Data section:
Definition sr_eqb (a b : T) : bool := boolp.asbool (E a b).

Lemma sr_eqb_equiv : equiv_class_of sr_eqb.
Proof.
split=> [a|a b|b a c]; rewrite /sr_eqb.
- exact/boolp.asboolP/sr_refl.
- by apply/boolp.asboolP/boolp.asboolP; apply: sr_sym.
- by move=> /boolp.asboolP ab /boolp.asboolP bc; apply/boolp.asboolP/(sr_trans ab bc).
Qed.
Canonical sr_eqb_equiv_rel := EquivRelPack sr_eqb_equiv.
Canonical sr_eqb_encModRel := defaultEncModRel sr_eqb.

Definition quot := {eq_quot sr_eqb}.
HB.instance Definition _ : EqQuotient T sr_eqb quot := EqQuotient.on quot.
HB.instance Definition _ := Choice.on quot.

Definition qpi (a : T) : quot := \pi_quot a.

Lemma qpi_eq a b : qpi a = qpi b <-> E a b.
Proof. by split=> [/eqquotP/boolp.asboolP|ab]; last exact/eqquotP/boolp.asboolP. Qed.

Lemma qpi_reprK x : qpi (generic_quotient.repr x) = x.
Proof. exact: reprK. Qed.

Lemma qpi_repr a : E (generic_quotient.repr (qpi a)) a.
Proof. by apply/qpi_eq; rewrite qpi_reprK. Qed.

Lemma qpi_surj (Q : quot -> Prop) : (forall a, Q (qpi a)) -> forall x, Q x.
Proof. by move=> Qpi x; rewrite -[x]reprK; apply: Qpi. Qed.

Lemma qpi_lift1 (f : T -> T) : (forall a b, E a b -> E (f a) (f b)) ->
  forall a, lift_op1 quot f (qpi a) = qpi (f a).
Proof. by move=> fE a; unlock; apply/qpi_eq/fE/qpi_repr. Qed.

Lemma qpi_lift2 (f : T -> T -> T) :
  (forall a a' b b', E a a' -> E b b' -> E (f a b) (f a' b')) ->
  forall a b, lift_op2 quot f (qpi a) (qpi b) = qpi (f a b).
Proof. by move=> fE a b; unlock; apply/qpi_eq/fE; apply: qpi_repr. Qed.

Definition qzero : quot := qpi (sr_zero d).
Definition qone : quot := qpi (sr_one d).
Definition qopp := lift_op1 quot (sr_opp d).
Definition qadd := lift_op2 quot (sr_add d).
Definition qmul := lift_op2 quot (sr_mul d).

Lemma qpi_opp a : qopp (qpi a) = qpi (sr_opp d a).
Proof. exact/qpi_lift1/sr_oppE. Qed.
Lemma qpi_add a b : qadd (qpi a) (qpi b) = qpi (sr_add d a b).
Proof. exact/qpi_lift2/sr_addE. Qed.
Lemma qpi_mul a b : qmul (qpi a) (qpi b) = qpi (sr_mul d a b).
Proof. exact/qpi_lift2/sr_mulE. Qed.

Lemma qaddA : associative qadd.
Proof.
by elim/qpi_surj=> a; elim/qpi_surj=> b; elim/qpi_surj=> c;
  rewrite !qpi_add; apply/qpi_eq/sr_sym; apply: sr_addA.
Qed.
Lemma qaddC : commutative qadd.
Proof.
by elim/qpi_surj=> a; elim/qpi_surj=> b; rewrite !qpi_add; apply/qpi_eq; apply: sr_addC.
Qed.
Lemma qadd0 : left_id qzero qadd.
Proof. by elim/qpi_surj=> a; rewrite qpi_add; apply/qpi_eq; apply: sr_add0. Qed.
Lemma qaddN : left_inverse qzero qopp qadd.
Proof. by elim/qpi_surj=> a; rewrite qpi_opp qpi_add; apply/qpi_eq; apply: sr_addN. Qed.
HB.instance Definition _ := GRing.isZmodule.Build quot qaddA qaddC qadd0 qaddN.

Lemma qmulA : associative qmul.
Proof.
by elim/qpi_surj=> a; elim/qpi_surj=> b; elim/qpi_surj=> c;
  rewrite !qpi_mul; apply/qpi_eq/sr_sym; apply: sr_mulA.
Qed.
Lemma qmul1 : left_id qone qmul.
Proof. by elim/qpi_surj=> a; rewrite qpi_mul; apply/qpi_eq; apply: sr_mul1. Qed.
Lemma qmulr1 : right_id qone qmul.
Proof. by elim/qpi_surj=> a; rewrite qpi_mul; apply/qpi_eq; apply: sr_mulr1. Qed.
Lemma qmulDl : left_distributive qmul qadd.
Proof.
by elim/qpi_surj=> a; elim/qpi_surj=> b; elim/qpi_surj=> c;
  rewrite !(qpi_add, qpi_mul); apply/qpi_eq; apply: sr_mulDl.
Qed.
Lemma qmulDr : right_distributive qmul qadd.
Proof.
by elim/qpi_surj=> a; elim/qpi_surj=> b; elim/qpi_surj=> c;
  rewrite !(qpi_add, qpi_mul); apply/qpi_eq; apply: sr_mulDr.
Qed.
HB.instance Definition _ :=
  GRing.Zmodule_isPzRing.Build quot qmulA qmul1 qmulr1 qmulDl qmulDr.

Lemma qpiD a b : qpi (sr_add d a b) = qpi a + qpi b. Proof. by rewrite -qpi_add. Qed.
Lemma qpiM a b : qpi (sr_mul d a b) = qpi a * qpi b. Proof. by rewrite -qpi_mul. Qed.
Lemma qpiN a : qpi (sr_opp d a) = - qpi a. Proof. by rewrite -qpi_opp. Qed.

End SetoidQuotient.

Section GroupAlgebra.
Variables (K : fieldType) (G : groupType).
Implicit Types a b c : KG K G.

Lemma coefE a g : coef a g = \sum_(p <- a) (if p.2 == g then p.1 else 0).
Proof. by rewrite /coef big_mkcond. Qed.

Lemma coef_nil g : coef ([::] : KG K G) g = 0.
Proof. by rewrite /coef big_nil. Qed.

Lemma coef_cat a b g : coef (a ++ b) g = coef a g + coef b g.
Proof. by rewrite /coef big_cat. Qed.

Lemma coef_seq1 (k : K) (x : G) g : coef [:: (k, x)] g = if x == g then k else 0.
Proof. by rewrite coefE big_seq1. Qed.

Lemma coef_scale k a g : coef (kg_scale k a) g = k * coef a g.
Proof.
rewrite !coefE big_map mulr_sumr.
by apply: eq_bigr => p _ /=; case: eqP; rewrite ?mulr0.
Qed.

Lemma coef_opp a g : coef (kg_opp a) g = - coef a g.
Proof. by rewrite coef_scale mulN1r. Qed.

Lemma coef_star a g : coef (kg_star a) g = coef a g^-1%g.
Proof.
rewrite !coefE big_map; apply: eq_bigr => p _ /=.
by rewrite -(inj_eq invg_inj) invgK.
Qed.

Lemma coef_mulr a b g :
  coef (kg_mul a b) g = \sum_(q <- b) coef a (g * q.2^-1)%g * q.1.
Proof.
rewrite coefE /kg_mul big_allpairs_dep exchange_big /=.
apply: eq_bigr => q _; rewrite coefE mulr_suml; apply: eq_bigr => p _ /=.
have -> : (p.2 * q.2 == g)%g = (p.2 == g * q.2^-1)%g.
  by apply/eqP/eqP => [<-|->]; rewrite ?mulgK ?mulgVK.
by case: eqP; rewrite ?mul0r.
Qed.

Lemma coef_mull a b g :
  coef (kg_mul a b) g = \sum_(p <- a) p.1 * coef b (p.2^-1 * g)%g.
Proof.
rewrite coefE /kg_mul big_allpairs_dep /=.
apply: eq_bigr => p _; rewrite coefE mulr_sumr; apply: eq_bigr => q _ /=.
have -> : (p.2 * q.2 == g)%g = (q.2 == p.2^-1 * g)%g.
  by apply/eqP/eqP => [<-|->]; rewrite ?mulKg ?mulKVg.
by case: eqP; rewrite ?mulr0.
Qed.

Lemma kg_eq_mul a a' b b' :
  kg_eq a a' -> kg_eq b b' -> kg_eq (kg_mul a b) (kg_mul a' b').
Proof.
move=> aa' bb' g; rewrite coef_mulr.
under eq_bigr do rewrite aa'.
by rewrite -coef_mulr !coef_mull; apply: eq_bigr => p _; rewrite bb'.
Qed.

Lemma kg_mulA a b c : kg_eq (kg_mul (kg_mul a b) c) (kg_mul a (kg_mul b c)).
Proof.
move=> g; rewrite coef_mulr.
under eq_bigr do rewrite coef_mulr mulr_suml.
rewrite coef_mulr /kg_mul big_allpairs_dep /= exchange_big /=.
by apply: eq_bigr => q _; apply: eq_bigr => r _; rewrite invMg mulgA mulrA.
Qed.

Definition kg_setoid : setoidRing (KG K G).
Proof.
apply: (@SetoidRing _ (@kg_eq K G) [::] (@kg_opp K G) (@kg_add K G)
  (kg_one K G) (@kg_mul K G)); rewrite /kg_eq.
- by [].
- by move=> a b ab g.
- by move=> a b c ab bc g; rewrite ab bc.
- by move=> a a' aa' g; rewrite !coef_opp aa'.
- by move=> a a' b b' aa' bb' g; rewrite !coef_cat aa' bb'.
- exact: kg_eq_mul.
- by move=> a b c g; rewrite !coef_cat addrA.
- by move=> a b g; rewrite !coef_cat addrC.
- by move=> a g; rewrite coef_cat coef_nil add0r.
- by move=> a g; rewrite coef_cat coef_opp coef_nil addNr.
- exact: kg_mulA.
- by move=> a g; rewrite coef_mull big_seq1 /= invg1 mul1g mul1r.
- by move=> a g; rewrite coef_mulr big_seq1 /= invg1 mulg1 mulr1.
- move=> a b c g; rewrite coef_cat !coef_mulr -big_split.
  by apply: eq_bigr => q _; rewrite coef_cat mulrDl.
- move=> a b c g; rewrite coef_cat !coef_mull -big_split.
  by apply: eq_bigr => p _; rewrite coef_cat mulrDr.
Defined.

Definition KGring := quot kg_setoid.
Definition piKG (a : KG K G) : KGring := qpi kg_setoid a.

Lemma piKG_surj (P : KGring -> Prop) : (forall a, P (piKG a)) -> forall x, P x.
Proof. exact: qpi_surj. Qed.

Lemma piKG_repr x : piKG (generic_quotient.repr x) = x.
Proof. exact: qpi_reprK. Qed.

Lemma piKG_eq a b : piKG a = piKG b <-> kg_eq a b. Proof. exact: qpi_eq. Qed.
Lemma piKG_cat a b : piKG (a ++ b) = piKG a + piKG b. Proof. exact: qpiD. Qed.
Lemma piKG_mul a b : piKG (kg_mul a b) = piKG a * piKG b. Proof. exact: qpiM. Qed.
Lemma piKG_opp a : piKG (kg_opp a) = - piKG a. Proof. exact: qpiN. Qed.
Lemma piKG_one : piKG (kg_one K G) = 1. Proof. by []. Qed.

Lemma piKG_flatten (L : seq (KG K G)) : piKG (flatten L) = \sum_(r <- L) piKG r.
Proof. by elim: L => [|r L IHL]; rewrite ?big_nil //= piKG_cat IHL big_cons. Qed.

Definition starKG : KGring -> KGring := lift_op1 KGring (@kg_star K G).

Lemma starKG_pi a : starKG (piKG a) = piKG (kg_star a).
Proof. by apply: qpi_lift1 => a' b' ab g; rewrite !coef_star ab. Qed.

Lemma starKG_B x y : starKG (x - y) = starKG x - starKG y.
Proof.
elim/piKG_surj: x => a; elim/piKG_surj: y => b.
rewrite -piKG_opp -piKG_cat !starKG_pi -piKG_opp -piKG_cat.
by apply/piKG_eq => g; rewrite !(coef_star, coef_cat, coef_opp).
Qed.

Lemma starKG_M x y : starKG (x * y) = starKG y * starKG x.
Proof.
elim/piKG_surj: x => a; elim/piKG_surj: y => b.
rewrite -piKG_mul !starKG_pi -piKG_mul; apply/piKG_eq => g.
rewrite coef_star coef_mulr coef_mull /kg_star big_map.
by apply: eq_bigr => q _ /=; rewrite coef_star invMg !invgK mulrC.
Qed.

Lemma starKG_K : involutive starKG.
Proof.
by elim/piKG_surj=> a; rewrite !starKG_pi; apply/piKG_eq => g; rewrite !coef_star invgK.
Qed.

Lemma starKG_1 : starKG 1 = 1.
Proof.
rewrite -piKG_one starKG_pi; apply/piKG_eq => g.
by rewrite coef_star !coef_seq1 -(inj_eq invg_inj) invgK invg1.
Qed.

Definition kscal (c : K) : KGring := piKG [:: (c, 1%g)].

Lemma kscal_is_zmod_morphism : zmod_morphism kscal.
Proof.
move=> c c'; rewrite -piKG_opp -piKG_cat; apply/piKG_eq => g.
by rewrite coef_cat coef_opp !coef_seq1; case: eqP; rewrite ?subr0.
Qed.

Lemma kscal_is_monoid_morphism : monoid_morphism kscal.
Proof.
split=> // c c'; rewrite -piKG_mul; apply/piKG_eq => g.
rewrite coef_mull big_seq1 /= invg1 mul1g !coef_seq1.
by case: eqP; rewrite ?mulr0.
Qed.

HB.instance Definition _ := GRing.isZmodMorphism.Build K KGring kscal
  kscal_is_zmod_morphism.
HB.instance Definition _ := GRing.isMonoidMorphism.Build K KGring kscal
  kscal_is_monoid_morphism.

Lemma piKG_scale (k : K) a : piKG (kg_scale k a) = kscal k * piKG a.
Proof.
rewrite -piKG_mul; apply/piKG_eq => g.
by rewrite coef_scale coef_mull big_seq1 /= invg1 mul1g.
Qed.

Lemma kscal_central (k : K) x : kscal k * x = x * kscal k.
Proof.
elim/piKG_surj: x => a; rewrite -!piKG_mul; apply/piKG_eq => g.
by rewrite coef_mull coef_mulr !big_seq1 /= invg1 mul1g mulg1 mulrC.
Qed.

Lemma starKG_scal (k : K) : starKG (kscal k) = kscal k.
Proof. by rewrite starKG_pi /kg_star /= invg1. Qed.

End GroupAlgebra.

Section IdealQuotient.
Variables (R : pzRingType) (P : R -> Prop).
Hypotheses (P0 : P 0) (PD : forall x y, P x -> P y -> P (x + y)).
Hypotheses (PMl : forall c x, P x -> P (c * x)) (PMr : forall c x, P x -> P (x * c)).

Lemma idealN x : P x -> P (- x).
Proof. by move=> Px; rewrite -mulN1r; apply: PMl. Qed.

Lemma ideal_eq x y : x = y -> P (x - y).
Proof. by move=> ->; rewrite subrr. Qed.

Definition ideal_setoid : setoidRing R.
Proof.
apply: (@SetoidRing _ (fun a b => P (a - b)) 0 -%R +%R 1 *%R)
  => [a|a b|a b c|a a'|||||||||||].
- exact: ideal_eq.
- by move=> Pab; rewrite -opprB; apply: idealN.
- by move=> Pab Pbc; rewrite -(subrKA b); apply: PD.
- by move=> Paa'; rewrite -opprD; apply: idealN.
- by move=> a a' b b' Paa' Pbb'; rewrite opprD addrACA; apply: PD.
- move=> a a' b b' Paa' Pbb'.
  have -> : a * b - a' * b' = (a - a') * b + a' * (b - b').
    by rewrite mulrBl mulrBr addrA subrK.
  by apply: PD; [apply: PMr | apply: PMl].
- by move=> a b c; apply/ideal_eq/esym/addrA.
- by move=> a b; apply/ideal_eq/addrC.
- by move=> a; apply/ideal_eq/add0r.
- by move=> a; apply/ideal_eq/addNr.
- by move=> a b c; apply/ideal_eq/esym/mulrA.
- by move=> a; apply/ideal_eq/mul1r.
- by move=> a; apply/ideal_eq/mulr1.
- by move=> a b c; apply/ideal_eq/mulrDl.
- by move=> a b c; apply/ideal_eq/mulrDr.
Defined.

Definition ideal_quot := quot ideal_setoid.
Definition ideal_pi (a : R) : ideal_quot := qpi ideal_setoid a.

Lemma ideal_pi_is_zmod_morphism : zmod_morphism ideal_pi.
Proof. by move=> a b; rewrite /ideal_pi (qpiD ideal_setoid) (qpiN ideal_setoid). Qed.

Task directions: In the data above, find the line that contains "Lemma qpiD a" and the line that contains "Lemma qpiN a". Repeat exactly those lines and every line between them, and only those.

Solution for this task:
Lemma qpiD a b : qpi (sr_add d a b) = qpi a + qpi b. Proof. by rewrite -qpi_add. Qed.
Lemma qpiM a b : qpi (sr_mul d a b) = qpi a * qpi b. Proof. by rewrite -qpi_mul. Qed.
Lemma qpiN a : qpi (sr_opp d a) = - qpi a. Proof. by rewrite -qpi_opp. Qed.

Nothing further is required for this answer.